**YOUR INSTRUCTIONS:**
Return the following from the records below: each line, word for word, starting with the line that contains "- by apply: measurable_intRn_cons" and going on through the line that contains "no $G$-invariant irreducible curves.", with nothing outside that range.

**DATA PROVIDED:**
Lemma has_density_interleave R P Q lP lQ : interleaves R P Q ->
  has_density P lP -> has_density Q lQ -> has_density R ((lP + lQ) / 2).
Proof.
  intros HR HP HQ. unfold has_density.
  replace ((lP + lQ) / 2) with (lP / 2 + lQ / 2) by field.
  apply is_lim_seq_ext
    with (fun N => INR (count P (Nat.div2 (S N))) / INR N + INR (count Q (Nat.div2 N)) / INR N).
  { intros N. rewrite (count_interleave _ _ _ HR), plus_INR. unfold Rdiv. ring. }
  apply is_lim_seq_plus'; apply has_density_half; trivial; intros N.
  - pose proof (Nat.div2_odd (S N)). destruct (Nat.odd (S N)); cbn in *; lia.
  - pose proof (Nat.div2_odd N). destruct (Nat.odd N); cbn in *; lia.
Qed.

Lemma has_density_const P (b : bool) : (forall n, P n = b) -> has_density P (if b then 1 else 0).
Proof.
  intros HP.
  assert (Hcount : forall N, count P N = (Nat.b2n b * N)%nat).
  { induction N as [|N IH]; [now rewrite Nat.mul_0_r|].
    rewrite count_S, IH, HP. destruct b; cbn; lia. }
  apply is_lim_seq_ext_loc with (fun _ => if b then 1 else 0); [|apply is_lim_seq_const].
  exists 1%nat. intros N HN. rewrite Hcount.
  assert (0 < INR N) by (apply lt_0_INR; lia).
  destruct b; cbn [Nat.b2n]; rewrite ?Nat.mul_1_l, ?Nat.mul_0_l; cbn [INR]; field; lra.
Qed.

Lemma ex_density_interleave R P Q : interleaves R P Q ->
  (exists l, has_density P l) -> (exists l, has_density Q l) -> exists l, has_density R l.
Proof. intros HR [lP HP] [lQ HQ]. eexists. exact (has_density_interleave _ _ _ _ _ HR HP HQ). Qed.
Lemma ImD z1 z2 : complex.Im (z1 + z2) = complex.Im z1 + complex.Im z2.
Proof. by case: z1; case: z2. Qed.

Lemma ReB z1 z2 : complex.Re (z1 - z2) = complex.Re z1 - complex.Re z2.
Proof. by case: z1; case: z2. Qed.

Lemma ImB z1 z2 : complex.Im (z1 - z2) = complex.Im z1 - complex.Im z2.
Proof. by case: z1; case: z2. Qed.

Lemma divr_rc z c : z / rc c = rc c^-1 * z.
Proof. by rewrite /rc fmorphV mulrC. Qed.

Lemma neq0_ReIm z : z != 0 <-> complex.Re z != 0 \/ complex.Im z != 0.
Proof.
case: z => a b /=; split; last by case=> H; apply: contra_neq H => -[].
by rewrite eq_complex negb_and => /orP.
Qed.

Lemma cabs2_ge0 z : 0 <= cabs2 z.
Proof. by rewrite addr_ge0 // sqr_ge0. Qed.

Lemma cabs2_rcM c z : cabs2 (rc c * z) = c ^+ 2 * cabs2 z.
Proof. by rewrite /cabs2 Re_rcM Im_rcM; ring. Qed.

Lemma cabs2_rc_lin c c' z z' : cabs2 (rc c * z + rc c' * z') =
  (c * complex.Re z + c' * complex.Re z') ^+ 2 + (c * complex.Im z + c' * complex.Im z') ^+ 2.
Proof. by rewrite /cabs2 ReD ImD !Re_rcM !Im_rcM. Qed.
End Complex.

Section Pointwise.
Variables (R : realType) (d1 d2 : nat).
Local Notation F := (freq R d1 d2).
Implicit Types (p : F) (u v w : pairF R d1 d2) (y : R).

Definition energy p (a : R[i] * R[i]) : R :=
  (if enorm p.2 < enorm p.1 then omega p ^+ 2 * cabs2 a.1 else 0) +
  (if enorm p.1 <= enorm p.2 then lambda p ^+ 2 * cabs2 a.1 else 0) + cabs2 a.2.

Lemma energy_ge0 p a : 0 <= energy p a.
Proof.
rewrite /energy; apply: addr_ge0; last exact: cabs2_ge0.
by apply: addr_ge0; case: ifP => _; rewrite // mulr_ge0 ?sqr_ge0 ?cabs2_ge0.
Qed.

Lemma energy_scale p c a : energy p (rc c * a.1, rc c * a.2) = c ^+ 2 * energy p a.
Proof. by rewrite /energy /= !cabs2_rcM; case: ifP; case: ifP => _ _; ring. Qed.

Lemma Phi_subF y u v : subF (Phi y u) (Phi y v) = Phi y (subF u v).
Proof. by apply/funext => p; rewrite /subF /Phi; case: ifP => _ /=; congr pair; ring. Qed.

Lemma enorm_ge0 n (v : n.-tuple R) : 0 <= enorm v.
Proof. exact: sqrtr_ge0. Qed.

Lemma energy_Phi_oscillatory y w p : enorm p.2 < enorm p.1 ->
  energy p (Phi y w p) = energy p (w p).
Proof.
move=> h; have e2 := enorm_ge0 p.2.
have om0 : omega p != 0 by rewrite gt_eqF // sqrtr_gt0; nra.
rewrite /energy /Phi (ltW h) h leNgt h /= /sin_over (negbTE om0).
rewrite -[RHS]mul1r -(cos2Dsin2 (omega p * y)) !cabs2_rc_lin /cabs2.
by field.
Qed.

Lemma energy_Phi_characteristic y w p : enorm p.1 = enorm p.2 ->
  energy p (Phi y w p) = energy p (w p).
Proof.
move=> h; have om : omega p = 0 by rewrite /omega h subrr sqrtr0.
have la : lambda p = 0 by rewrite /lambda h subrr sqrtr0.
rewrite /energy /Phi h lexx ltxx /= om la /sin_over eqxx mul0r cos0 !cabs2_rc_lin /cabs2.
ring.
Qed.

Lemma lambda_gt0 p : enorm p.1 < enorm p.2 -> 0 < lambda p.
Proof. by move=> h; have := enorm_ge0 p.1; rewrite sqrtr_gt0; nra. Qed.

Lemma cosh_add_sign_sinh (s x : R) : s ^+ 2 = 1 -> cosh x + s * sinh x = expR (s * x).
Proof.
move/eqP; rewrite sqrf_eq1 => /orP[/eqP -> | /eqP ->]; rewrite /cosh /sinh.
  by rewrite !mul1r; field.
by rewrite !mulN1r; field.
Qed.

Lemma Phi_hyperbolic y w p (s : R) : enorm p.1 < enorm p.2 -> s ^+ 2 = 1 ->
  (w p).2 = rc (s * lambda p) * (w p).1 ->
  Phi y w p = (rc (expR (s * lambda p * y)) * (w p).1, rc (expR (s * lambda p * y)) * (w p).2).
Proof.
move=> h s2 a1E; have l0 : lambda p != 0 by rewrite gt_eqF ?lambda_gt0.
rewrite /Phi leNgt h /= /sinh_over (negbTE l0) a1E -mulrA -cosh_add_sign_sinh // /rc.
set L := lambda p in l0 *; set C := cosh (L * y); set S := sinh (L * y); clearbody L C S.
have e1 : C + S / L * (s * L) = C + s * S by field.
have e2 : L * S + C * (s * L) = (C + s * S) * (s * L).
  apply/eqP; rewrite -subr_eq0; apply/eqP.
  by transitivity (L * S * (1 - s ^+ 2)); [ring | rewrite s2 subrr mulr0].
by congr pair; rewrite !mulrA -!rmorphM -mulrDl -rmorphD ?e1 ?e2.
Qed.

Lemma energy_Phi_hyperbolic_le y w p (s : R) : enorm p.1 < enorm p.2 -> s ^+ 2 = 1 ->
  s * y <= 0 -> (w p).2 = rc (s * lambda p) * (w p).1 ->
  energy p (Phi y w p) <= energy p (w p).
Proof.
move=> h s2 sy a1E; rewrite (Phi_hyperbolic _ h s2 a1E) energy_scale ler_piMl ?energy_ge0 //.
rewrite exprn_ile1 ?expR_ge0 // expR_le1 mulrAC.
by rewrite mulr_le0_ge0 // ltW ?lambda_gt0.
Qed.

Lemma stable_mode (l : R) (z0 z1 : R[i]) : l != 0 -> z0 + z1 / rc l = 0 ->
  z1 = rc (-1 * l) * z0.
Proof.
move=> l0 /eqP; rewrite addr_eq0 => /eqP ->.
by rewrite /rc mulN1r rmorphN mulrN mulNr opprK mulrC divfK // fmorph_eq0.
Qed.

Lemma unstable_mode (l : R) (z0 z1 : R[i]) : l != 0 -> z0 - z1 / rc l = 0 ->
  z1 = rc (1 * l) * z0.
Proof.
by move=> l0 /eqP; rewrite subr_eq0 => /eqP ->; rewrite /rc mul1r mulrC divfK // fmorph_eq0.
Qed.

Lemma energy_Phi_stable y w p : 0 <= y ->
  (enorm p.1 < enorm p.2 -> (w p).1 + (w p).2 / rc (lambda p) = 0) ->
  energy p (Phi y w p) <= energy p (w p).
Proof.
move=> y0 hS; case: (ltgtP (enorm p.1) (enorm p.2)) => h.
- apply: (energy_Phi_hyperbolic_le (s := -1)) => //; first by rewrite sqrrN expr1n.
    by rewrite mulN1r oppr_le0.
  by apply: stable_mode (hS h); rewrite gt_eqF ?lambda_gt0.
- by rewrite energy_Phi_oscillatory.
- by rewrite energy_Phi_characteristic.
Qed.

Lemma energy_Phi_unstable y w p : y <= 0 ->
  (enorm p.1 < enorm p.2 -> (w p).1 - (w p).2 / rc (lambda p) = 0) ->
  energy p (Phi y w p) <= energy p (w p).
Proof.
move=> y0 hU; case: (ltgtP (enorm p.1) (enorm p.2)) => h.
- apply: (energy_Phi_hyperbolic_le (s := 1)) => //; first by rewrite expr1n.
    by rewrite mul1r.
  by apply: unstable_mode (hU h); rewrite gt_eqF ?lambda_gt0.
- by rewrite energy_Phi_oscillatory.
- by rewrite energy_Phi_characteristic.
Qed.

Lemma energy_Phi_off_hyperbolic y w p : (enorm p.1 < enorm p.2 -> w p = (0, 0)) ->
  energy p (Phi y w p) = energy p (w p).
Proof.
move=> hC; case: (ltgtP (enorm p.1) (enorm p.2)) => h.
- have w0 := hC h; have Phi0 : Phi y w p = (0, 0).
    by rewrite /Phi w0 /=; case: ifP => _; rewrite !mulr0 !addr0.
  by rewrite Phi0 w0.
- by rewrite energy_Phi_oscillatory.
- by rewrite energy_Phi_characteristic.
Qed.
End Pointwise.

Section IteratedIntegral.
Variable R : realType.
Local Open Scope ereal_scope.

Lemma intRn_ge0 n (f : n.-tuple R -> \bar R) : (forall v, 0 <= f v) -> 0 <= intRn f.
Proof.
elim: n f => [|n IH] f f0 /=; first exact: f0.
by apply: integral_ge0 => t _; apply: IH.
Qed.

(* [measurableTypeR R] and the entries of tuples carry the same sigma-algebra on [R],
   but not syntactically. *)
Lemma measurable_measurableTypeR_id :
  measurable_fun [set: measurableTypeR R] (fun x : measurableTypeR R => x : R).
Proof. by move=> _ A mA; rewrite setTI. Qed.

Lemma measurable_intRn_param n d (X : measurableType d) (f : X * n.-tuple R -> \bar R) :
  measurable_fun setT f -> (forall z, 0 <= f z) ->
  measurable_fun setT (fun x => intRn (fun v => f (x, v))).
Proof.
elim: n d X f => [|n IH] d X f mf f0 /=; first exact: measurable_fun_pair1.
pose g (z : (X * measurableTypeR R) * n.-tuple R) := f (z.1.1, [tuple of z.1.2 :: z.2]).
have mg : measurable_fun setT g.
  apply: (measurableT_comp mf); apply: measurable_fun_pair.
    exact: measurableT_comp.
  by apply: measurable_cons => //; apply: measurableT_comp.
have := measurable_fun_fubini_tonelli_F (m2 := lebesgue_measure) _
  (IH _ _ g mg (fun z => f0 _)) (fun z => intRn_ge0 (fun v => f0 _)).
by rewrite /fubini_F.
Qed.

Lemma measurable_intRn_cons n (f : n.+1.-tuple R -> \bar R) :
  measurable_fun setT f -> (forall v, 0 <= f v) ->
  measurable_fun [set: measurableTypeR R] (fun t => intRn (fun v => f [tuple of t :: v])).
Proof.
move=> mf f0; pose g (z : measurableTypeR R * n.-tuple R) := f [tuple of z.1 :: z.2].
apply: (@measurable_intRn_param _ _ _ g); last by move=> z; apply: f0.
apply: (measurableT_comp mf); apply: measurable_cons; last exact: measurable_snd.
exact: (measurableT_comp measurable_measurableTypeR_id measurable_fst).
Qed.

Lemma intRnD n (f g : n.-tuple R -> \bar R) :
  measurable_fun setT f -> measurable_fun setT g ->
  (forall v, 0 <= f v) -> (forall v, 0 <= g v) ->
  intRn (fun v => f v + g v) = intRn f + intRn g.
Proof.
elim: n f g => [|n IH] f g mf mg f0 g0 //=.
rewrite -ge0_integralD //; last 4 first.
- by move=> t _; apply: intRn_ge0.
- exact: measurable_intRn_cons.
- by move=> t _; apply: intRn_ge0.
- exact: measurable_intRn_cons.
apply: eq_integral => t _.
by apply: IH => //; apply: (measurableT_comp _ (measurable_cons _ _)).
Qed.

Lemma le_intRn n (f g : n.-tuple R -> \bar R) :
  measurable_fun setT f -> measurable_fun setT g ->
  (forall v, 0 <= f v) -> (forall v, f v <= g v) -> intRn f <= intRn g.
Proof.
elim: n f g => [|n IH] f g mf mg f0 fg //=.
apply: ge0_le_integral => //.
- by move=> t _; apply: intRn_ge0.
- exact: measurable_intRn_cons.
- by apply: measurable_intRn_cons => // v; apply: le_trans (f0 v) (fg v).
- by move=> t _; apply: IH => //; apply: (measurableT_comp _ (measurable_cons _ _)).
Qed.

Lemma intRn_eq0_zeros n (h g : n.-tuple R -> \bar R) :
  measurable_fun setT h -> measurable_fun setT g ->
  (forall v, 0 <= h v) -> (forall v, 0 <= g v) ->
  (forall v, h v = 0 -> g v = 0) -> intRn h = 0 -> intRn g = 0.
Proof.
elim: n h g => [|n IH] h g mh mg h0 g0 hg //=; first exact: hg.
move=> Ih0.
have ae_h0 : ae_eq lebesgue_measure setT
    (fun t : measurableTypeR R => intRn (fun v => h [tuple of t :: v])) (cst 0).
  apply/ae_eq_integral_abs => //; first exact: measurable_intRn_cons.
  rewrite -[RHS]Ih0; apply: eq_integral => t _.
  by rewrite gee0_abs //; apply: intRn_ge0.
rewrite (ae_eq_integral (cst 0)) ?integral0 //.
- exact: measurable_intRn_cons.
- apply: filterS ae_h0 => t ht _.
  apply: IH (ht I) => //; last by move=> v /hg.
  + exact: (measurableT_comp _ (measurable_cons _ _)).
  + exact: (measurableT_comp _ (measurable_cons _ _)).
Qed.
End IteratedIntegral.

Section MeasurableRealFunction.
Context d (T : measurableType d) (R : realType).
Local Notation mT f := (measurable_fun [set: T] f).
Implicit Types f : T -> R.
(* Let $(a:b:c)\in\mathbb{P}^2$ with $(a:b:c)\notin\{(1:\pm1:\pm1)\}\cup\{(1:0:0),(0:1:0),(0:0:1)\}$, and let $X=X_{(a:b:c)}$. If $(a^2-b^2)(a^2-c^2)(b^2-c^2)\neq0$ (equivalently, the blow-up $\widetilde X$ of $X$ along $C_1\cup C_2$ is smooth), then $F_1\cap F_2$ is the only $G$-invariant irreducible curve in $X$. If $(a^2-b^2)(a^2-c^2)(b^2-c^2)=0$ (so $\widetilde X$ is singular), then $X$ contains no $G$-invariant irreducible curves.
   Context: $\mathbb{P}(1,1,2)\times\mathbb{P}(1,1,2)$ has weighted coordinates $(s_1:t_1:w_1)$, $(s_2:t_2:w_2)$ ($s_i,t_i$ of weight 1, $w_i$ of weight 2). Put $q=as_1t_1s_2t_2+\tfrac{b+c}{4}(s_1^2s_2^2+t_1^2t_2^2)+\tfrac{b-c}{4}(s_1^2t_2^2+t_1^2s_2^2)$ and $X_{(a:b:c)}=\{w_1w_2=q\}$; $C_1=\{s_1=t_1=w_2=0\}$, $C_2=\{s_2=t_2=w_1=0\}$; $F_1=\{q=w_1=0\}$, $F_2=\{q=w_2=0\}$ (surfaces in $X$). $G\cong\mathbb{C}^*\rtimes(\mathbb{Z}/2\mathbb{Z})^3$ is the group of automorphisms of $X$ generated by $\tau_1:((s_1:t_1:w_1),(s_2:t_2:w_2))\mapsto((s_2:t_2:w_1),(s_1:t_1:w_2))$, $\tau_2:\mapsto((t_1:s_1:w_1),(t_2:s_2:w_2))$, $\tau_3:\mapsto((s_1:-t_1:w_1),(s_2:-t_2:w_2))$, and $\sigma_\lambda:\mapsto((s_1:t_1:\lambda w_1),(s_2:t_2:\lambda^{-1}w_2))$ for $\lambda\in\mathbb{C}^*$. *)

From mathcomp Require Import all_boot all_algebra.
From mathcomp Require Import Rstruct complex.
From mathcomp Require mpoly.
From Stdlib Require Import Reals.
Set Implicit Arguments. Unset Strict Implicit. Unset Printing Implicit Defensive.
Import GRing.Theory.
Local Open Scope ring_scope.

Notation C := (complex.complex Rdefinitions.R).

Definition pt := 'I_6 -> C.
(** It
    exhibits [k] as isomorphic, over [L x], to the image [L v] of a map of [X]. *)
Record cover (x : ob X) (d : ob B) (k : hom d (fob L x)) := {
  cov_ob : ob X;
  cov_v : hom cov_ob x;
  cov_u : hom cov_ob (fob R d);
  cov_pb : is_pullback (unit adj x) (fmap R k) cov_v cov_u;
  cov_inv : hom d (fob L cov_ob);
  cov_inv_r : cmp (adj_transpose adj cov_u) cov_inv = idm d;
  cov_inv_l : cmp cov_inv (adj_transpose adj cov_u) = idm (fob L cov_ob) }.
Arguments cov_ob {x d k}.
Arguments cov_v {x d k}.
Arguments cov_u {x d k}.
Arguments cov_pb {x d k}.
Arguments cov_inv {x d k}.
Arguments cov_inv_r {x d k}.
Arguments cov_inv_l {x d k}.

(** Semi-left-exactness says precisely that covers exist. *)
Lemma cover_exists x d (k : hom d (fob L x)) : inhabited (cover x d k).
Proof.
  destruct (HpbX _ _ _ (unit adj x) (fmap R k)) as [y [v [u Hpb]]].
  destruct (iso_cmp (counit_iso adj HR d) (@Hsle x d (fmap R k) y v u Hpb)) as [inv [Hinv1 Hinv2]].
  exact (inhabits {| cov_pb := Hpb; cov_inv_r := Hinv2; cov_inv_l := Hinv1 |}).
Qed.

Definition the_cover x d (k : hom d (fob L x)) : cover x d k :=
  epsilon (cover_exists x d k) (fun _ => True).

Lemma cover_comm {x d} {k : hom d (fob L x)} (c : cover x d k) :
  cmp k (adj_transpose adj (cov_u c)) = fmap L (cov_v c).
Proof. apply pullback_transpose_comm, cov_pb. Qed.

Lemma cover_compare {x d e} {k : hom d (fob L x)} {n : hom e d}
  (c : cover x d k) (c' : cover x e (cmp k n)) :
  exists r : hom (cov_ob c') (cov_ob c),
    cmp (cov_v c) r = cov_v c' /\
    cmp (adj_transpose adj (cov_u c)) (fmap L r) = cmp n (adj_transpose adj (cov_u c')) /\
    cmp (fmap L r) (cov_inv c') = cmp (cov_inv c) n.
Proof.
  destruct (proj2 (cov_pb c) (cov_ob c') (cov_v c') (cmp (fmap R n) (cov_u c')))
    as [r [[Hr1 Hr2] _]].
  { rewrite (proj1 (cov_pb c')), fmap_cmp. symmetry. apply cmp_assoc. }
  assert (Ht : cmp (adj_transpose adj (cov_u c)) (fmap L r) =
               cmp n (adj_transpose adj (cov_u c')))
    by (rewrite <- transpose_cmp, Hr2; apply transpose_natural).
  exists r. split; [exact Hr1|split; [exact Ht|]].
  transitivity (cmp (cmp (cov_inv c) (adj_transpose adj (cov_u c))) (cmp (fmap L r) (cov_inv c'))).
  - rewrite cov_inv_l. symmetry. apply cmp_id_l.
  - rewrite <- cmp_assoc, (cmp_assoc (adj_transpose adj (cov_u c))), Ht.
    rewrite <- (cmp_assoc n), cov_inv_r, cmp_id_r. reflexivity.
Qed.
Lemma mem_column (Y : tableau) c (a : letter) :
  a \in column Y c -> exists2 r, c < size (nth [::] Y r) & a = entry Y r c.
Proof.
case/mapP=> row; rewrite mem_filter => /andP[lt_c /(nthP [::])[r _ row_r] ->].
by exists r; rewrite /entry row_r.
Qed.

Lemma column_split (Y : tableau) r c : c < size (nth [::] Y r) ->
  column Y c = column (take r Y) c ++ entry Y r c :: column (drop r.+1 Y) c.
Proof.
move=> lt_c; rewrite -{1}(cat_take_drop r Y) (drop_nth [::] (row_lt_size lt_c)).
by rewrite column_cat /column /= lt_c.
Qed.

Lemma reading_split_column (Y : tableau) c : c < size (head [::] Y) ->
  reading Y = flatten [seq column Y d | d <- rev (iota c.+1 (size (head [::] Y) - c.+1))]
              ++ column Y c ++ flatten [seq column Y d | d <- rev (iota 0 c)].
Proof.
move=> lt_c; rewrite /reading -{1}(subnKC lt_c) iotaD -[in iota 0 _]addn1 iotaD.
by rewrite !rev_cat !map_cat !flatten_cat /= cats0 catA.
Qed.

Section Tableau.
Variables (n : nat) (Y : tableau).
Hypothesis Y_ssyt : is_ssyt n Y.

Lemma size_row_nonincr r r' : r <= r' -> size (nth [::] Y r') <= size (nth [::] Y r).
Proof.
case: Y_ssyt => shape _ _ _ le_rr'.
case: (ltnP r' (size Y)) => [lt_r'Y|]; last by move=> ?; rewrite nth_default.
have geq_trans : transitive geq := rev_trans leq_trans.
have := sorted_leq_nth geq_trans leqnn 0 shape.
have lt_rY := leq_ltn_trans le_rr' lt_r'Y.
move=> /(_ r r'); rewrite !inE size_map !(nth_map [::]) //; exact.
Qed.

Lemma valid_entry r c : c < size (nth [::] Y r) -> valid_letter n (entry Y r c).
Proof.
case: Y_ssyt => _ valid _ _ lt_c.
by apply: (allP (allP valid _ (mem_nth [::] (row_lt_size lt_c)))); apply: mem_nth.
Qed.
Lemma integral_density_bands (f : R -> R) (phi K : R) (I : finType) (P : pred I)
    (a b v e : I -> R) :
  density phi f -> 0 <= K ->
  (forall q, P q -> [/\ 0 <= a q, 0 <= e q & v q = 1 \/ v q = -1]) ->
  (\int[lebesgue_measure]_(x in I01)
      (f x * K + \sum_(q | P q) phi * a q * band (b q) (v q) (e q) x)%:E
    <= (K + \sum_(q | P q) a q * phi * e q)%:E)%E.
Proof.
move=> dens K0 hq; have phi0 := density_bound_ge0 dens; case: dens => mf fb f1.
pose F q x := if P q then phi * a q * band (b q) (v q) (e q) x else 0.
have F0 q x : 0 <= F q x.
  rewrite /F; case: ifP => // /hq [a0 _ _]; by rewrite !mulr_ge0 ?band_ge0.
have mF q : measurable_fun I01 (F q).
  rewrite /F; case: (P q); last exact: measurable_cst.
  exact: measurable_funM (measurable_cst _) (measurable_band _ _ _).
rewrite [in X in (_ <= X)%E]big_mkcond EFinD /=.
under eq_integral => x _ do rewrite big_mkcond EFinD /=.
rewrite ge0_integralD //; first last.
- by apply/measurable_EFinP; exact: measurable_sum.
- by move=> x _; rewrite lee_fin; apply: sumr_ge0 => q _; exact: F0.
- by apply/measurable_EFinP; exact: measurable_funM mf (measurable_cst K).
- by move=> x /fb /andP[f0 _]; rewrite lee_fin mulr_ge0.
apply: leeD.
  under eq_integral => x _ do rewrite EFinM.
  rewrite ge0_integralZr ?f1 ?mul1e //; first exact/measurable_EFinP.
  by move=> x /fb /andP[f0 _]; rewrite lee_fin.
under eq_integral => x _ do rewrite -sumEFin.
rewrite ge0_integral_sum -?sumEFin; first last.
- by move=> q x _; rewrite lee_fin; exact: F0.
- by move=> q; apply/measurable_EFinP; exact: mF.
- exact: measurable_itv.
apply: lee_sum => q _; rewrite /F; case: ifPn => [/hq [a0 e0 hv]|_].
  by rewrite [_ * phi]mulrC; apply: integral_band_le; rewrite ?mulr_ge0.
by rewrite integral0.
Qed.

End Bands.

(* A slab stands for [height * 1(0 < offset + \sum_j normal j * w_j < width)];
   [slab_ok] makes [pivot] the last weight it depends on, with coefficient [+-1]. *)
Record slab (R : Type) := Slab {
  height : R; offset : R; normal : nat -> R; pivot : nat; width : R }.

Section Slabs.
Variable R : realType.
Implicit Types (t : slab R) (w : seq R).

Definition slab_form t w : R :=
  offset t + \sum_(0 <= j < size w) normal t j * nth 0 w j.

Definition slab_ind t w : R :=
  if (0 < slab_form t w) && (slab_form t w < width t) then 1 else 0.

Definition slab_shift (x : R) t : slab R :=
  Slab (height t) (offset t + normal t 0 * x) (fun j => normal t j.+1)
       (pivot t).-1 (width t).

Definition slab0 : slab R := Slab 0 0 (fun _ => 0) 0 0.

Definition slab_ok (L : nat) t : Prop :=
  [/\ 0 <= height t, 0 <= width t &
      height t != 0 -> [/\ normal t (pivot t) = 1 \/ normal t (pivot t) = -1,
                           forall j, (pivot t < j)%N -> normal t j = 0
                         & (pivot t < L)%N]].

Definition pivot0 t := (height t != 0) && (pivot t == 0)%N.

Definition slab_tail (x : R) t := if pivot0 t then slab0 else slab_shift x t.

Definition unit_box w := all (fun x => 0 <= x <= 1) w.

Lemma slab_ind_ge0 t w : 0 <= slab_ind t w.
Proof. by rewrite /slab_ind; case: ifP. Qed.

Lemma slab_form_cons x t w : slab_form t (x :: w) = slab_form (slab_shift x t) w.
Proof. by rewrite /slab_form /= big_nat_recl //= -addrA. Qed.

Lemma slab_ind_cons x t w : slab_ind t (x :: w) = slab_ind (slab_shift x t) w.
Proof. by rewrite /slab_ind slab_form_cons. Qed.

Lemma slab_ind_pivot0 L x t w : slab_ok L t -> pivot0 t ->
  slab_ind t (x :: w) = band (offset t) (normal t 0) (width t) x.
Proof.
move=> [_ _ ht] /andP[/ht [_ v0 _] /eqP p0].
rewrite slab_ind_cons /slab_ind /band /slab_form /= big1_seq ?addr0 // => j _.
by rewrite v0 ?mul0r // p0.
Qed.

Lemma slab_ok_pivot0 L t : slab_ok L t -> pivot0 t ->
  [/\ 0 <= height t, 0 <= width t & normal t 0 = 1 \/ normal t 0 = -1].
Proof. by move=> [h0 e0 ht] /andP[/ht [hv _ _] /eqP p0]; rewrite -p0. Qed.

**RESULT OF THE TASK:**
- by apply: measurable_intRn_cons => // v; apply: le_trans (f0 v) (fg v).
- by move=> t _; apply: IH => //; apply: (measurableT_comp _ (measurable_cons _ _)).
Qed.

Lemma intRn_eq0_zeros n (h g : n.-tuple R -> \bar R) :
  measurable_fun setT h -> measurable_fun setT g ->
  (forall v, 0 <= h v) -> (forall v, 0 <= g v) ->
  (forall v, h v = 0 -> g v = 0) -> intRn h = 0 -> intRn g = 0.
Proof.
elim: n h g => [|n IH] h g mh mg h0 g0 hg //=; first exact: hg.
move=> Ih0.
have ae_h0 : ae_eq lebesgue_measure setT
    (fun t : measurableTypeR R => intRn (fun v => h [tuple of t :: v])) (cst 0).
  apply/ae_eq_integral_abs => //; first exact: measurable_intRn_cons.
  rewrite -[RHS]Ih0; apply: eq_integral => t _.
  by rewrite gee0_abs //; apply: intRn_ge0.
rewrite (ae_eq_integral (cst 0)) ?integral0 //.
- exact: measurable_intRn_cons.
- apply: filterS ae_h0 => t ht _.
  apply: IH (ht I) => //; last by move=> v /hg.
  + exact: (measurableT_comp _ (measurable_cons _ _)).
  + exact: (measurableT_comp _ (measurable_cons _ _)).
Qed.
End IteratedIntegral.

Section MeasurableRealFunction.
Context d (T : measurableType d) (R : realType).
Local Notation mT f := (measurable_fun [set: T] f).
Implicit Types f : T -> R.
(* Let $(a:b:c)\in\mathbb{P}^2$ with $(a:b:c)\notin\{(1:\pm1:\pm1)\}\cup\{(1:0:0),(0:1:0),(0:0:1)\}$, and let $X=X_{(a:b:c)}$. If $(a^2-b^2)(a^2-c^2)(b^2-c^2)\neq0$ (equivalently, the blow-up $\widetilde X$ of $X$ along $C_1\cup C_2$ is smooth), then $F_1\cap F_2$ is the only $G$-invariant irreducible curve in $X$. If $(a^2-b^2)(a^2-c^2)(b^2-c^2)=0$ (so $\widetilde X$ is singular), then $X$ contains no $G$-invariant irreducible curves.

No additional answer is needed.